═══ Data for this exercise ═══

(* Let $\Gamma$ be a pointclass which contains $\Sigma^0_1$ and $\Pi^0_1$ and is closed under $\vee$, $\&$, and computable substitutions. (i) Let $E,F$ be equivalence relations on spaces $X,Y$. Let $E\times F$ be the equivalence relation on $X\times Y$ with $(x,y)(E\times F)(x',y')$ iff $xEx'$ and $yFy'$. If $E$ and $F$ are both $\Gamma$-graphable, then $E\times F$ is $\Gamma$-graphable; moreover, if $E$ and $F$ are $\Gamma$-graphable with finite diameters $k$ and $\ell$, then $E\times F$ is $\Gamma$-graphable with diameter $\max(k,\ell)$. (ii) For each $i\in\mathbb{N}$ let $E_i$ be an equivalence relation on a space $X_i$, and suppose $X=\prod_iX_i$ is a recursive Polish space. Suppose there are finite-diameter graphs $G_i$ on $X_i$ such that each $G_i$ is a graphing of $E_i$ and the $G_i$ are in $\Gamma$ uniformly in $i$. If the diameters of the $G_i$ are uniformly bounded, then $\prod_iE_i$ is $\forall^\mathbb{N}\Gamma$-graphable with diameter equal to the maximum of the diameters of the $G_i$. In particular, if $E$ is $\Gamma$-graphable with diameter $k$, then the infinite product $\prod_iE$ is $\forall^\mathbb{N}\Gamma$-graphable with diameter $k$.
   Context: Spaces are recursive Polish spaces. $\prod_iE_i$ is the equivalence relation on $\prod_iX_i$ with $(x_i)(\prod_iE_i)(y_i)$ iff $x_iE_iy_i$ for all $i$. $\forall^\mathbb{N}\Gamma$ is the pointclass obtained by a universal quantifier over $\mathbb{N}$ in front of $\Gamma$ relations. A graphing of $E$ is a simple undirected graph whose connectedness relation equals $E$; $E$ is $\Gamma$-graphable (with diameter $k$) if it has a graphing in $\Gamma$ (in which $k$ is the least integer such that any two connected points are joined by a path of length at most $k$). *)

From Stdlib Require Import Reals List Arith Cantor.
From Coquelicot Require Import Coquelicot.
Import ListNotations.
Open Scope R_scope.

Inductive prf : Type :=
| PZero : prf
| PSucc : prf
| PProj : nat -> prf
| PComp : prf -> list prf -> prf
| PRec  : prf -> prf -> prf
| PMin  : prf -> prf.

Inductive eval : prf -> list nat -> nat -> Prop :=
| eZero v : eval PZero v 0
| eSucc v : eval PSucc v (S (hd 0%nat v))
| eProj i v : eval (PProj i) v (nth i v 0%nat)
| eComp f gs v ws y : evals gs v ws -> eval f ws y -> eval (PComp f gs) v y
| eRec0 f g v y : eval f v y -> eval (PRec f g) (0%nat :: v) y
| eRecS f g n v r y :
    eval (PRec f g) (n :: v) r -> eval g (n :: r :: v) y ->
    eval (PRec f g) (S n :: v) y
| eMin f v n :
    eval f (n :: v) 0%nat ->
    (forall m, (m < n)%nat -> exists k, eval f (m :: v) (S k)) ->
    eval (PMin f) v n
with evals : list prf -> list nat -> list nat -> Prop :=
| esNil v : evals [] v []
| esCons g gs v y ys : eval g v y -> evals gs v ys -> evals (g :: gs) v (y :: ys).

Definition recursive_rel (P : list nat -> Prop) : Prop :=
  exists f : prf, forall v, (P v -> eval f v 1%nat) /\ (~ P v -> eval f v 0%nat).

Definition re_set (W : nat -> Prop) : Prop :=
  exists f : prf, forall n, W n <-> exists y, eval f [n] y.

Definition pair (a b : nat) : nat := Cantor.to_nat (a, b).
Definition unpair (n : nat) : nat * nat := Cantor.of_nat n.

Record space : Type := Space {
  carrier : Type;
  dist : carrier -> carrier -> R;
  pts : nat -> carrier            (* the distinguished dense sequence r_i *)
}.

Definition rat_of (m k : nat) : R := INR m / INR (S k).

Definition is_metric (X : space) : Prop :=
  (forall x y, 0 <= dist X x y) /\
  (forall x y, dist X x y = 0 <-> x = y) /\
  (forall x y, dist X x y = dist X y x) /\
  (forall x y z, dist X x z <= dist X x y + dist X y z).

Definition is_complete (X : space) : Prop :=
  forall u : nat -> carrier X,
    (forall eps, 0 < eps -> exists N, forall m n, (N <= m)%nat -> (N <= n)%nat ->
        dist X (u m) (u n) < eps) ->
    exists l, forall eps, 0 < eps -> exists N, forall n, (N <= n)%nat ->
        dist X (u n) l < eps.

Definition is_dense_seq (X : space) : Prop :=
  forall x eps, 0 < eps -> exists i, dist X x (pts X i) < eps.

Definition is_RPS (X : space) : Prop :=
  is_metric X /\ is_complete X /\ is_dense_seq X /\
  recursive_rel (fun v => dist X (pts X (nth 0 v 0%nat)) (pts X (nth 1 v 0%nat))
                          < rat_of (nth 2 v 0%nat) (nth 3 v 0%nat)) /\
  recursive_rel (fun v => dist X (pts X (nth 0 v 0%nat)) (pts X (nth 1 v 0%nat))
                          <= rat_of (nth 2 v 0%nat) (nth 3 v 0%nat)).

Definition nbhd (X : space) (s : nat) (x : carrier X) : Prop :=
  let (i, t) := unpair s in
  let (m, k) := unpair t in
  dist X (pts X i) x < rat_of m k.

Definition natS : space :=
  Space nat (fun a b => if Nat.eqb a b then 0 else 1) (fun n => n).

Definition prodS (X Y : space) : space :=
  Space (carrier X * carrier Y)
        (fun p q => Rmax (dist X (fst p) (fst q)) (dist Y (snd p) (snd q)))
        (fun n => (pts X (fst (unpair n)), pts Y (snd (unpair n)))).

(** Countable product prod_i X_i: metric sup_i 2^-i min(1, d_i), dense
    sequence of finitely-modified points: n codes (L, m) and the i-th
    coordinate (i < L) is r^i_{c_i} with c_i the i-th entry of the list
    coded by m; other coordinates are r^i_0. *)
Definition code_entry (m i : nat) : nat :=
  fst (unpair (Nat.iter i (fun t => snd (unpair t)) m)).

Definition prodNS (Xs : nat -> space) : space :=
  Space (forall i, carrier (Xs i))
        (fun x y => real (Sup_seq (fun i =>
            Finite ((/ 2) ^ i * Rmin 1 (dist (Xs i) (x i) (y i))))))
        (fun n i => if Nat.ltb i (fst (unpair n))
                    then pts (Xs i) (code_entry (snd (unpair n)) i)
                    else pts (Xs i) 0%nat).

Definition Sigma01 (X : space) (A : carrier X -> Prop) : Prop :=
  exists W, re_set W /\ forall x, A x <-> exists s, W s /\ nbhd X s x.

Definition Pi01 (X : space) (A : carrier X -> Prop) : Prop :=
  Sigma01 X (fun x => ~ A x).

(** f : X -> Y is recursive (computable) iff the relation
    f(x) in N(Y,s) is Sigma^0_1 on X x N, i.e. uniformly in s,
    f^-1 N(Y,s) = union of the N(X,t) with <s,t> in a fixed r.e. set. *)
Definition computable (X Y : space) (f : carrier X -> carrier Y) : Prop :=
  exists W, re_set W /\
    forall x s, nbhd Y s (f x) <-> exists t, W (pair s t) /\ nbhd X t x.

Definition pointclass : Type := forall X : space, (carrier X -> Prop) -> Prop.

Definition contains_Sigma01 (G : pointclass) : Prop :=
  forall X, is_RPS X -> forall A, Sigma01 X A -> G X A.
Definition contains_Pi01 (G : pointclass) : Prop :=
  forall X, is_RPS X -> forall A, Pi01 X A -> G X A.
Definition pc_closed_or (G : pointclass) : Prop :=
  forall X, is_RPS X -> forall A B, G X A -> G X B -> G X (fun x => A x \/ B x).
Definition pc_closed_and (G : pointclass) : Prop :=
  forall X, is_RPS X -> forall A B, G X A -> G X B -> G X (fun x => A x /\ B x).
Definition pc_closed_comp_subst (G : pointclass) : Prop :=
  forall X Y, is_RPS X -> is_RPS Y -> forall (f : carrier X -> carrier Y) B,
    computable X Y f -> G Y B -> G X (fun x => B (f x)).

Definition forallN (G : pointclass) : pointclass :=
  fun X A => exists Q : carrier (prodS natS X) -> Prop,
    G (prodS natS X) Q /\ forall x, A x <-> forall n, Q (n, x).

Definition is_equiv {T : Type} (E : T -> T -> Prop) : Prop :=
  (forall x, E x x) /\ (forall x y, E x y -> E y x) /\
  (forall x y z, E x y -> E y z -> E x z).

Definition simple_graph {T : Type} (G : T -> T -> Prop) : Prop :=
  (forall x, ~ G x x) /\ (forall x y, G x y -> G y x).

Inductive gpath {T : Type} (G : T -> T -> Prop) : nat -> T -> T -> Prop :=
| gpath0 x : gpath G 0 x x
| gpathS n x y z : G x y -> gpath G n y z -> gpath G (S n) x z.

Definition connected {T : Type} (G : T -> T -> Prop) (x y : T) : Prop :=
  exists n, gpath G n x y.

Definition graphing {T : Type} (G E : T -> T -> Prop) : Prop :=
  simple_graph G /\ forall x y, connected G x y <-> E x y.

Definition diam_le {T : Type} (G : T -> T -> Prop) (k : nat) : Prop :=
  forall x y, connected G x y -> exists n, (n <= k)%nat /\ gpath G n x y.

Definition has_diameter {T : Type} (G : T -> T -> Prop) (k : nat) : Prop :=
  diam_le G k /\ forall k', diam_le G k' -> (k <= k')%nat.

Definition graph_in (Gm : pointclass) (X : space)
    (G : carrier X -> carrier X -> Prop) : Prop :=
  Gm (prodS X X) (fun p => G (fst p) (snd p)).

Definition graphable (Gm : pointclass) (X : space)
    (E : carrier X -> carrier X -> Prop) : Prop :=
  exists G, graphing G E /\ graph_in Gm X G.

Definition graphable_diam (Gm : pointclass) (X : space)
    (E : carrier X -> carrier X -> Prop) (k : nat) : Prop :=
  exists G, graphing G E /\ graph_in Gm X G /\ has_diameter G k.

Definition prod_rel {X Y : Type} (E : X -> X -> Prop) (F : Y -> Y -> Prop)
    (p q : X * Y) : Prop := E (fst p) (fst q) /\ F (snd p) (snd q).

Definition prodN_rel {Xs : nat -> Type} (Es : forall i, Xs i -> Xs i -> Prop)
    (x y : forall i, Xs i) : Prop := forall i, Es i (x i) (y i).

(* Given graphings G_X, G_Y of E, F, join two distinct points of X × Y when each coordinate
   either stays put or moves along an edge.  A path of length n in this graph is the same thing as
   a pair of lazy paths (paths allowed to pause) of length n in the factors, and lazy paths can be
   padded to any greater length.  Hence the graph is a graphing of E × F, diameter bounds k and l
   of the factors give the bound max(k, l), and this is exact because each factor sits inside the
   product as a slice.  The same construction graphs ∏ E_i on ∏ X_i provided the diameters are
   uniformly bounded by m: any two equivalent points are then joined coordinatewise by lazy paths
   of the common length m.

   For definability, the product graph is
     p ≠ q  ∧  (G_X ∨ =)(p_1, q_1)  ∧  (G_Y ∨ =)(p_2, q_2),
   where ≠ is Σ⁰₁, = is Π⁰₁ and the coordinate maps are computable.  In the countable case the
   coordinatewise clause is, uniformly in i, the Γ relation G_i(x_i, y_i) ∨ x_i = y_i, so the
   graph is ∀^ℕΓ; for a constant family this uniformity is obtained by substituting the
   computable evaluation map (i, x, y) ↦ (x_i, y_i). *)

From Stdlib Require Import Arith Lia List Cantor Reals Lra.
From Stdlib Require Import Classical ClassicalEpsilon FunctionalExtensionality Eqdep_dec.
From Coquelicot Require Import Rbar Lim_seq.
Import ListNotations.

═══
═══ Data for this exercise ═══

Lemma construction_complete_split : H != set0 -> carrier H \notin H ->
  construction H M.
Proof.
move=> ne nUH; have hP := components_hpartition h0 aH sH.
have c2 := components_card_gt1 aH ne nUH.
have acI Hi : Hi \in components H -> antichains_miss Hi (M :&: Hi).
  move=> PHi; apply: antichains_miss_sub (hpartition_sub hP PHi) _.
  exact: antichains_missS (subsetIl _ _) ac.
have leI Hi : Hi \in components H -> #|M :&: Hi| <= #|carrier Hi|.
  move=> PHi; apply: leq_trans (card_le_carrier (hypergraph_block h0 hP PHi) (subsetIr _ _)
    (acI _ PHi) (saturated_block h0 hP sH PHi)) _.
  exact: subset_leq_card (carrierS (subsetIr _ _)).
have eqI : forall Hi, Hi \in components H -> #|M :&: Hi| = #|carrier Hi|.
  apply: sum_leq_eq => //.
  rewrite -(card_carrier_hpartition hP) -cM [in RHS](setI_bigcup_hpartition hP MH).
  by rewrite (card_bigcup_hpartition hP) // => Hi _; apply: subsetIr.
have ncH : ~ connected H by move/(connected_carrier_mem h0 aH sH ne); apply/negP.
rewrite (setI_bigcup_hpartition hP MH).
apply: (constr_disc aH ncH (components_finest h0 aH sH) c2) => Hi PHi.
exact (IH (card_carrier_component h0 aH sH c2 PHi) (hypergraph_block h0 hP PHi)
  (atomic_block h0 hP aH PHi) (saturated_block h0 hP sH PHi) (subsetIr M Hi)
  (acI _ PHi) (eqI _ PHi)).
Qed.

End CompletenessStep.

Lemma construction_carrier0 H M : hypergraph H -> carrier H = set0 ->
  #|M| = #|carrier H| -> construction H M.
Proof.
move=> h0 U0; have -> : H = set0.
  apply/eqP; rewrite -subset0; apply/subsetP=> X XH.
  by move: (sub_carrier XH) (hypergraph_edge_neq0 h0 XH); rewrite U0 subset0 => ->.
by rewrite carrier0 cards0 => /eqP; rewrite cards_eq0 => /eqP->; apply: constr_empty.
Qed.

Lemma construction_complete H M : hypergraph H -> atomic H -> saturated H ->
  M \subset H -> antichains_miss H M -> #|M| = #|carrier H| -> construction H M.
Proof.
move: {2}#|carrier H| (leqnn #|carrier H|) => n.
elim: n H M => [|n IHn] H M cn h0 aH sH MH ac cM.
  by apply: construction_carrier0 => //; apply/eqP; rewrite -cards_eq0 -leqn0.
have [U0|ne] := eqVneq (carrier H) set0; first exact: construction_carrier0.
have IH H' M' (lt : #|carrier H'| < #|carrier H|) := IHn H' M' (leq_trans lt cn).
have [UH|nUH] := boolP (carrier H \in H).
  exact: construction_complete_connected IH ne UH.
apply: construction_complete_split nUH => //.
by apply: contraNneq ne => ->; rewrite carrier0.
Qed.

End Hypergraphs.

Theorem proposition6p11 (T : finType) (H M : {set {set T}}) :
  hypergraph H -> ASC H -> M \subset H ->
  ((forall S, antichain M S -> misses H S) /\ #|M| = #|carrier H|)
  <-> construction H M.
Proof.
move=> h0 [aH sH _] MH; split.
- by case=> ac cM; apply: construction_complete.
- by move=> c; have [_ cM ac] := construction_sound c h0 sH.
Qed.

═══

In your answer, include only the lines above starting at the line that holds "Definition Pi01 (X" and ending at the line that holds "Definition contains_Sigma01 (G", copied exactly.

» **Expected output**:
Definition Pi01 (X : space) (A : carrier X -> Prop) : Prop :=
  Sigma01 X (fun x => ~ A x).

(** f : X -> Y is recursive (computable) iff the relation
    f(x) in N(Y,s) is Sigma^0_1 on X x N, i.e. uniformly in s,
    f^-1 N(Y,s) = union of the N(X,t) with <s,t> in a fixed r.e. set. *)
Definition computable (X Y : space) (f : carrier X -> carrier Y) : Prop :=
  exists W, re_set W /\
    forall x s, nbhd Y s (f x) <-> exists t, W (pair s t) /\ nbhd X t x.

Definition pointclass : Type := forall X : space, (carrier X -> Prop) -> Prop.

Definition contains_Sigma01 (G : pointclass) : Prop :=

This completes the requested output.